◆ **Work instructions**: A verbatim reproduction of the lines below, from the line containing "by apply: ler_wpM2r" through the line containing "Lemma norm_convex_le (R", both ends included, is the whole required output.

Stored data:
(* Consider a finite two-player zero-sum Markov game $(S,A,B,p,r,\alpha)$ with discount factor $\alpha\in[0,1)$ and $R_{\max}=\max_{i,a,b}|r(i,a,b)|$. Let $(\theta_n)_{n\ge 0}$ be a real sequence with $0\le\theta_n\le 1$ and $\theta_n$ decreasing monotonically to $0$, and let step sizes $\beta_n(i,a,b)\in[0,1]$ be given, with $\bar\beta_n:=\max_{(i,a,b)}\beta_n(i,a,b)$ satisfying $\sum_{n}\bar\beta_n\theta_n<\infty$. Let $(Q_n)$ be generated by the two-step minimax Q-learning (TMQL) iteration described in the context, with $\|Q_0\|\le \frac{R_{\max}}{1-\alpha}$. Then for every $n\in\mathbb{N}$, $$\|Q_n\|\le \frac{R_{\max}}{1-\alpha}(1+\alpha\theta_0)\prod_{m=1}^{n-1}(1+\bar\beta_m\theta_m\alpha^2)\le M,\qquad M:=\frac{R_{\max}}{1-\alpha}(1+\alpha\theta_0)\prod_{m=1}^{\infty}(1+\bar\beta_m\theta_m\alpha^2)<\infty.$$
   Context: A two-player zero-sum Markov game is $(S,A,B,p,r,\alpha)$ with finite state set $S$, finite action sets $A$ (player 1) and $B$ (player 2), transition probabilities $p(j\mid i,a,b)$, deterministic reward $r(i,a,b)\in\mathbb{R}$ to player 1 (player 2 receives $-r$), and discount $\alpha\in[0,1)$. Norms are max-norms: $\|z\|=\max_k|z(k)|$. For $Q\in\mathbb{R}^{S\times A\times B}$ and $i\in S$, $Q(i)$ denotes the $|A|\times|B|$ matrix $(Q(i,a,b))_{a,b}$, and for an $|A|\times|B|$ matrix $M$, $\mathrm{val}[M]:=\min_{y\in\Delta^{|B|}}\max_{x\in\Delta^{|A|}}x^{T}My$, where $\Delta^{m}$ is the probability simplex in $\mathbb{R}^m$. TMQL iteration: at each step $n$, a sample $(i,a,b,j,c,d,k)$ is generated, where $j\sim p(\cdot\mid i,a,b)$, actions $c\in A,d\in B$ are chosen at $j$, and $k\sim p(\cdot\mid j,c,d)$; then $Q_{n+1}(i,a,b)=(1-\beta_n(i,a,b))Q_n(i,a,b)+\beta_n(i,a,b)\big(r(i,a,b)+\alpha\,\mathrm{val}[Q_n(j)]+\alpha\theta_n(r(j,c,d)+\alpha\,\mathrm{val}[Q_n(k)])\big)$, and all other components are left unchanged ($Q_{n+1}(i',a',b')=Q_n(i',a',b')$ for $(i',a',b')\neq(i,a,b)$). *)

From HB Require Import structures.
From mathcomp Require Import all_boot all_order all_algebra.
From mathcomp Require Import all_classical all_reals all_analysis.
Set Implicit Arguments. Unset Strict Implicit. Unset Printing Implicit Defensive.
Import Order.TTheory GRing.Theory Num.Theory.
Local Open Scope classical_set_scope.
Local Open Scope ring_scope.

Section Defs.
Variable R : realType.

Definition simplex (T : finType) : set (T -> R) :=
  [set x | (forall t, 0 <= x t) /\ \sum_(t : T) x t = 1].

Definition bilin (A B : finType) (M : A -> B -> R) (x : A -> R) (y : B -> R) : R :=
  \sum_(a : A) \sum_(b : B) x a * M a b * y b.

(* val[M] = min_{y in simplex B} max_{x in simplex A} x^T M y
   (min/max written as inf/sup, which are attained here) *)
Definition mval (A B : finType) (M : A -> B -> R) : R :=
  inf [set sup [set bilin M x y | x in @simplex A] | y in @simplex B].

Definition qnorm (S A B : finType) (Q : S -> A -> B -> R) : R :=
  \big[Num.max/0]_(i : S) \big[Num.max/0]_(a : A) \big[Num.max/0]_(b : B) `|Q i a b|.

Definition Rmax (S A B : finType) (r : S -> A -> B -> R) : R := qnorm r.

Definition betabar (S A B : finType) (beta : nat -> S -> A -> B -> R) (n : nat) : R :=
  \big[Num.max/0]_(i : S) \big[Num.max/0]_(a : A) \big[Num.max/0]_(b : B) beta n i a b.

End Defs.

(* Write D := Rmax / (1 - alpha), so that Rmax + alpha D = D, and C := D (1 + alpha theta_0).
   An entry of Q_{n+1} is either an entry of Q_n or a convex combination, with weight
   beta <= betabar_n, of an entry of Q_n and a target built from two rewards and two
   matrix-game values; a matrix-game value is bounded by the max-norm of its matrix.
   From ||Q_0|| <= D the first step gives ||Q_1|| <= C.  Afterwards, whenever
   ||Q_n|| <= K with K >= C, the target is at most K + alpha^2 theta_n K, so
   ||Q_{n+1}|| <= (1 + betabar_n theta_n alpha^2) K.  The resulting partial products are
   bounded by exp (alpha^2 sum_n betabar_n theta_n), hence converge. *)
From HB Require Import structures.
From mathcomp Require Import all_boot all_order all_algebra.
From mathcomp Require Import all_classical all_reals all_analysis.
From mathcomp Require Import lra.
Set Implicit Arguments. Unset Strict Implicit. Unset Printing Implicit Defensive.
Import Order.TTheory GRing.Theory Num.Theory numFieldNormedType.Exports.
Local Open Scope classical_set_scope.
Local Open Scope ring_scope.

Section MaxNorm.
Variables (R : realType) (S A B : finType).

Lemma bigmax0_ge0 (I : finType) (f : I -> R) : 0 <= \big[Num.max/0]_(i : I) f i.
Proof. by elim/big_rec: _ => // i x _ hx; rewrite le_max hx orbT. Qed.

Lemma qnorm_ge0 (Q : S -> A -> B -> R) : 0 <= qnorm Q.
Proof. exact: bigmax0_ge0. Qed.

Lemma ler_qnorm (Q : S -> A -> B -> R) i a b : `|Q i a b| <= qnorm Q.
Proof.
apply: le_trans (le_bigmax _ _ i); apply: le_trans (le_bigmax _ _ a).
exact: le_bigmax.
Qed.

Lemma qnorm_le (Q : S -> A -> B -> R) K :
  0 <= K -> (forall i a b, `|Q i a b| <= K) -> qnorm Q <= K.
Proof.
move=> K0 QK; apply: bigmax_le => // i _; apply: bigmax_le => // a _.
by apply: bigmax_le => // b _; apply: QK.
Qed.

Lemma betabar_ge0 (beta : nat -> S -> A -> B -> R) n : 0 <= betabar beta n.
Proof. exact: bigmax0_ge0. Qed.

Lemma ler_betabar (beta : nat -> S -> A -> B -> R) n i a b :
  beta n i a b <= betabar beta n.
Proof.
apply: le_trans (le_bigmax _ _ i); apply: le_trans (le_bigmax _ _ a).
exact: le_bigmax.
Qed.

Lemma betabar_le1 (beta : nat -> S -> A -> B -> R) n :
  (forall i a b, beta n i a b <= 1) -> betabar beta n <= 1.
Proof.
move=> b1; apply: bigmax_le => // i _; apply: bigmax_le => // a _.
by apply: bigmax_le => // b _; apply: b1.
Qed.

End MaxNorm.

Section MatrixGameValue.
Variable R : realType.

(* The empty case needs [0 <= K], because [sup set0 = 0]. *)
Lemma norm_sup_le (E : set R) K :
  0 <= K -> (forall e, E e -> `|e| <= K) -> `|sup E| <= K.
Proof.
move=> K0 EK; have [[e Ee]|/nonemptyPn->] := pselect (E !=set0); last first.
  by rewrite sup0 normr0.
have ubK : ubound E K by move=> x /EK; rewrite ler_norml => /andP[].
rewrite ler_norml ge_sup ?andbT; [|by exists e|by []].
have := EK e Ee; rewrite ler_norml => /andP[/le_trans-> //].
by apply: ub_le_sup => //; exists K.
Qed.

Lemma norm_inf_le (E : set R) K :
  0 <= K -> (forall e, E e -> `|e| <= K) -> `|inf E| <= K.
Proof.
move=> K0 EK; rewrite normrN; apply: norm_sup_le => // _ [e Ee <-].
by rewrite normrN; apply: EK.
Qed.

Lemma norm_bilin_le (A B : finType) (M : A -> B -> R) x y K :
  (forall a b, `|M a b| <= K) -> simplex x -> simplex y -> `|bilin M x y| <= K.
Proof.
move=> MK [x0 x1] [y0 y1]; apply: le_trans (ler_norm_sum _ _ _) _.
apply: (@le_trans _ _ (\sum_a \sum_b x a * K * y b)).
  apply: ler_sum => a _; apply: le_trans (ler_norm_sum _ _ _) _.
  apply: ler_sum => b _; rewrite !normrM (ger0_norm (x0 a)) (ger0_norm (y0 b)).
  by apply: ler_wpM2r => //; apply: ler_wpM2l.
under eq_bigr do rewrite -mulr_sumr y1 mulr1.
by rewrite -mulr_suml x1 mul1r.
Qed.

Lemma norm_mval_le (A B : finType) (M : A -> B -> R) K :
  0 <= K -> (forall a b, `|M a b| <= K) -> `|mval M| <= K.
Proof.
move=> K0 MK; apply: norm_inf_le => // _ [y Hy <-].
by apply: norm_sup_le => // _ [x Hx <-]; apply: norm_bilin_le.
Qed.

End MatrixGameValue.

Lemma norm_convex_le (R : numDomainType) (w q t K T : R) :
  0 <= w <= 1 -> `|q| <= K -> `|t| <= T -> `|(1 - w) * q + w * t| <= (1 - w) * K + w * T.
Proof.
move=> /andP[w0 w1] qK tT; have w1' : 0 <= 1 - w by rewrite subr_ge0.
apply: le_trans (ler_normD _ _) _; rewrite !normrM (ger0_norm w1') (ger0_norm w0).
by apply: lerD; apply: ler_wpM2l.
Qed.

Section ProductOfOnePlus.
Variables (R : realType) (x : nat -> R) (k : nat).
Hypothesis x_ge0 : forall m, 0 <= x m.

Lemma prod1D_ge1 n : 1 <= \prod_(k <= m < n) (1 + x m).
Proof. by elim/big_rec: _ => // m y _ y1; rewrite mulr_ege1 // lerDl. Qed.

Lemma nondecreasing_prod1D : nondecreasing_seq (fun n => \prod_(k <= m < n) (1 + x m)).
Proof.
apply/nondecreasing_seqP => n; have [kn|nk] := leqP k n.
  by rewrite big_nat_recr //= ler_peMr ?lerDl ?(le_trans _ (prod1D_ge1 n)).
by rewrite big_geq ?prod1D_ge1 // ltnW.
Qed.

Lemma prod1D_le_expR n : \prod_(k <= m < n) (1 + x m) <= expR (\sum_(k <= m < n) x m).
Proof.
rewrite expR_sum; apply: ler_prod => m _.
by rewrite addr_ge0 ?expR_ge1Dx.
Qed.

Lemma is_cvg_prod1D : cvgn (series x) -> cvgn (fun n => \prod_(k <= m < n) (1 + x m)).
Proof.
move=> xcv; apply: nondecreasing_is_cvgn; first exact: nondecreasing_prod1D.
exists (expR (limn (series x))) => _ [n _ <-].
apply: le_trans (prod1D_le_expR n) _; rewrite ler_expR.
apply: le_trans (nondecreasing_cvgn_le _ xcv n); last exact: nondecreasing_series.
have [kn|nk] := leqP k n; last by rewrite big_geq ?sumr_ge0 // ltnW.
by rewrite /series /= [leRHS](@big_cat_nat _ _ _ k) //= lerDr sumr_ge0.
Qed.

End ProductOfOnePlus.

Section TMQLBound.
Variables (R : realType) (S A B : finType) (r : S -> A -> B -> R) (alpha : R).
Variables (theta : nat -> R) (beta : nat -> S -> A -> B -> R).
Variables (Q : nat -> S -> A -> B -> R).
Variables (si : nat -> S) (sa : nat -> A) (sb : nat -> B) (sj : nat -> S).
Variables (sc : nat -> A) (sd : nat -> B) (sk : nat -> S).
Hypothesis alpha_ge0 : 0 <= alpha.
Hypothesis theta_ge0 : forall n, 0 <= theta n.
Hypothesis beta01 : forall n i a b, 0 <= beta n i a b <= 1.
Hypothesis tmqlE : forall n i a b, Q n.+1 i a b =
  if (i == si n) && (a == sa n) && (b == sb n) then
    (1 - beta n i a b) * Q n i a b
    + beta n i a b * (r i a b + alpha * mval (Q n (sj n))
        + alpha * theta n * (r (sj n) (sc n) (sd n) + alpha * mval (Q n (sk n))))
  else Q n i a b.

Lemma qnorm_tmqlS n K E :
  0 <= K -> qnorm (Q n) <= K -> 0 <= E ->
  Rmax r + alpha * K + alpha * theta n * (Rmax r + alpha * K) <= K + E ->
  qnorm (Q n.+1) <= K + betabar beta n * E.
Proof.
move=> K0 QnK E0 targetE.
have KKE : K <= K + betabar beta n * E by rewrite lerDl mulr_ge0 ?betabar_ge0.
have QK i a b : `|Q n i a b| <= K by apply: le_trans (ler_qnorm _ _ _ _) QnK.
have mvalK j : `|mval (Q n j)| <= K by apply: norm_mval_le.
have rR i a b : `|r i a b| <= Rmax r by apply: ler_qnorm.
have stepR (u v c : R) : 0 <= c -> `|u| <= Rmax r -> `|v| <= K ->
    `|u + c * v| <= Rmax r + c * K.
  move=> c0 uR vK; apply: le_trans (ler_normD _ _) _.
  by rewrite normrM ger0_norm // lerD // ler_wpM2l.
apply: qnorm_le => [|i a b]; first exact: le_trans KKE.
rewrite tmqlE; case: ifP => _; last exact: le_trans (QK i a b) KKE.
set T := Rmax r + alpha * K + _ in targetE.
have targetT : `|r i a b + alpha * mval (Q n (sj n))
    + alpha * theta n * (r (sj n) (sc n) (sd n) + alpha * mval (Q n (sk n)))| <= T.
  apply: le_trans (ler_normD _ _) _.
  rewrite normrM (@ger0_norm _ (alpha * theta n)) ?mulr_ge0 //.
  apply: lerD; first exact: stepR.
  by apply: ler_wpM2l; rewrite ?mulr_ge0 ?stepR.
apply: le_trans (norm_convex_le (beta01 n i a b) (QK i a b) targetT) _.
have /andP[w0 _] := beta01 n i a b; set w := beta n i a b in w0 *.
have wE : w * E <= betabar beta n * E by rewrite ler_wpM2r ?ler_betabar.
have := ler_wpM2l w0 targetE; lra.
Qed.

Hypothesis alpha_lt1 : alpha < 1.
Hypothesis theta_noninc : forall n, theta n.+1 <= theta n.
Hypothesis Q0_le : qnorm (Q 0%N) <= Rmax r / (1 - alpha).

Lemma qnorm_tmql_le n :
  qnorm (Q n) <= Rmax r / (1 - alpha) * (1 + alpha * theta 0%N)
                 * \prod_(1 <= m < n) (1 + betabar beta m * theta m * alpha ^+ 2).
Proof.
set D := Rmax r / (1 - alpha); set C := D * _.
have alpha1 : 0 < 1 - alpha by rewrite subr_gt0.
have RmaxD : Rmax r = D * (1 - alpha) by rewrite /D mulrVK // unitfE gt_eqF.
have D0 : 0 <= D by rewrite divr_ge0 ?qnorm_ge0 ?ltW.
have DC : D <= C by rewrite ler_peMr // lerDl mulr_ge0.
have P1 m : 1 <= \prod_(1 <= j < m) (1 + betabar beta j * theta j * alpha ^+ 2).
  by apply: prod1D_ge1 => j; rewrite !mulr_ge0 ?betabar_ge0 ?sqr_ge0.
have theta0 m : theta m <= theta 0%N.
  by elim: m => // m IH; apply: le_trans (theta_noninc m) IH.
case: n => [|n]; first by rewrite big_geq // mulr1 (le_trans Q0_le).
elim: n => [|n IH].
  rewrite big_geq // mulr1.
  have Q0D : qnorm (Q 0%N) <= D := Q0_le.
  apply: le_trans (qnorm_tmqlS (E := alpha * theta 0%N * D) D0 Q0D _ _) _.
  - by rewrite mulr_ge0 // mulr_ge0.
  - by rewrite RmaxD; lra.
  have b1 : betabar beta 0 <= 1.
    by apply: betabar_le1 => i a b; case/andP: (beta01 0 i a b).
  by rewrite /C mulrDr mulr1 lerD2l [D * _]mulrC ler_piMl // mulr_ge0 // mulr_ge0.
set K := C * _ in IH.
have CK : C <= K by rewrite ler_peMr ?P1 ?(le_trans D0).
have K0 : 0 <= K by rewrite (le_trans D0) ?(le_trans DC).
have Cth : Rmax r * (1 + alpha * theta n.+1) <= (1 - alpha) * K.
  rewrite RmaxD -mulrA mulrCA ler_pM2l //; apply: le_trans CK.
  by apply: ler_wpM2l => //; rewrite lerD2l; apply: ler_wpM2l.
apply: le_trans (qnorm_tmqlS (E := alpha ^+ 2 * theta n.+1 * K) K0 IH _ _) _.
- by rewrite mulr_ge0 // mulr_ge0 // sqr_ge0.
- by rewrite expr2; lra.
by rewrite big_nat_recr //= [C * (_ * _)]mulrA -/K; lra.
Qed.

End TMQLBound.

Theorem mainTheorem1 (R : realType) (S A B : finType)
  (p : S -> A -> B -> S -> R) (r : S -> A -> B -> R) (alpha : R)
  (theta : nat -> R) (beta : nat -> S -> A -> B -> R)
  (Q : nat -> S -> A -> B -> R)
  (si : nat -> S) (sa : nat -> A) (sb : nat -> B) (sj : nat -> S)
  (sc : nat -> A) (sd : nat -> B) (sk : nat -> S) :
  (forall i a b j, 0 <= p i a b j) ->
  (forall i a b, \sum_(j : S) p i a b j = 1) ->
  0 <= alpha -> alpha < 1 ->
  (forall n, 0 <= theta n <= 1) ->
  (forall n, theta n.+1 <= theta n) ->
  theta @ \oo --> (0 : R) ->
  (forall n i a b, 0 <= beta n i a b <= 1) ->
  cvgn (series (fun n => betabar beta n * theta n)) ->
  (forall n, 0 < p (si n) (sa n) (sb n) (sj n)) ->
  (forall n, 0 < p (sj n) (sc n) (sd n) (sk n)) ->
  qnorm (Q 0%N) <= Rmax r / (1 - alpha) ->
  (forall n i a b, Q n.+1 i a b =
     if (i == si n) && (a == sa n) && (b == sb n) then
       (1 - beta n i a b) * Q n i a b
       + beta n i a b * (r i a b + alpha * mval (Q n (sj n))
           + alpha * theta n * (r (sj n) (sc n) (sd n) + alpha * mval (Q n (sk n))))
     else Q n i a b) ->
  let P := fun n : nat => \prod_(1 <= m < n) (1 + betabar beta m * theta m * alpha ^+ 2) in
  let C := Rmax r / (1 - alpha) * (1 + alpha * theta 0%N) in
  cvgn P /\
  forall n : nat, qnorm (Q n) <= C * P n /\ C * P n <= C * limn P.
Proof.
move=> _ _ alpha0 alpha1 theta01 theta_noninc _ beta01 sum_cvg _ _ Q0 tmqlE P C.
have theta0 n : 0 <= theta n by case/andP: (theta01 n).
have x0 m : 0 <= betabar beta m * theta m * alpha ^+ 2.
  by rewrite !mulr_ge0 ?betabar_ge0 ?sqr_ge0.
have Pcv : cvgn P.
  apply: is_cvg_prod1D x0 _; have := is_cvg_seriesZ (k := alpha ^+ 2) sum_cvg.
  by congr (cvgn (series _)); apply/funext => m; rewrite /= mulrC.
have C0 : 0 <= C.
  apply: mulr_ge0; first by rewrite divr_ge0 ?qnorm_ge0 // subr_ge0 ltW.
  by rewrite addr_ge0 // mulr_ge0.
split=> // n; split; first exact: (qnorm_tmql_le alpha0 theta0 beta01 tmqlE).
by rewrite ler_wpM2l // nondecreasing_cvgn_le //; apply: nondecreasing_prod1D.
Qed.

◆ **Answer to the problem**:
  by apply: ler_wpM2r => //; apply: ler_wpM2l.
under eq_bigr do rewrite -mulr_sumr y1 mulr1.
by rewrite -mulr_suml x1 mul1r.
Qed.

Lemma norm_mval_le (A B : finType) (M : A -> B -> R) K :
  0 <= K -> (forall a b, `|M a b| <= K) -> `|mval M| <= K.
Proof.
move=> K0 MK; apply: norm_inf_le => // _ [y Hy <-].
by apply: norm_sup_le => // _ [x Hx <-]; apply: norm_bilin_le.
Qed.

End MatrixGameValue.

Lemma norm_convex_le (R : numDomainType) (w q t K T : R) :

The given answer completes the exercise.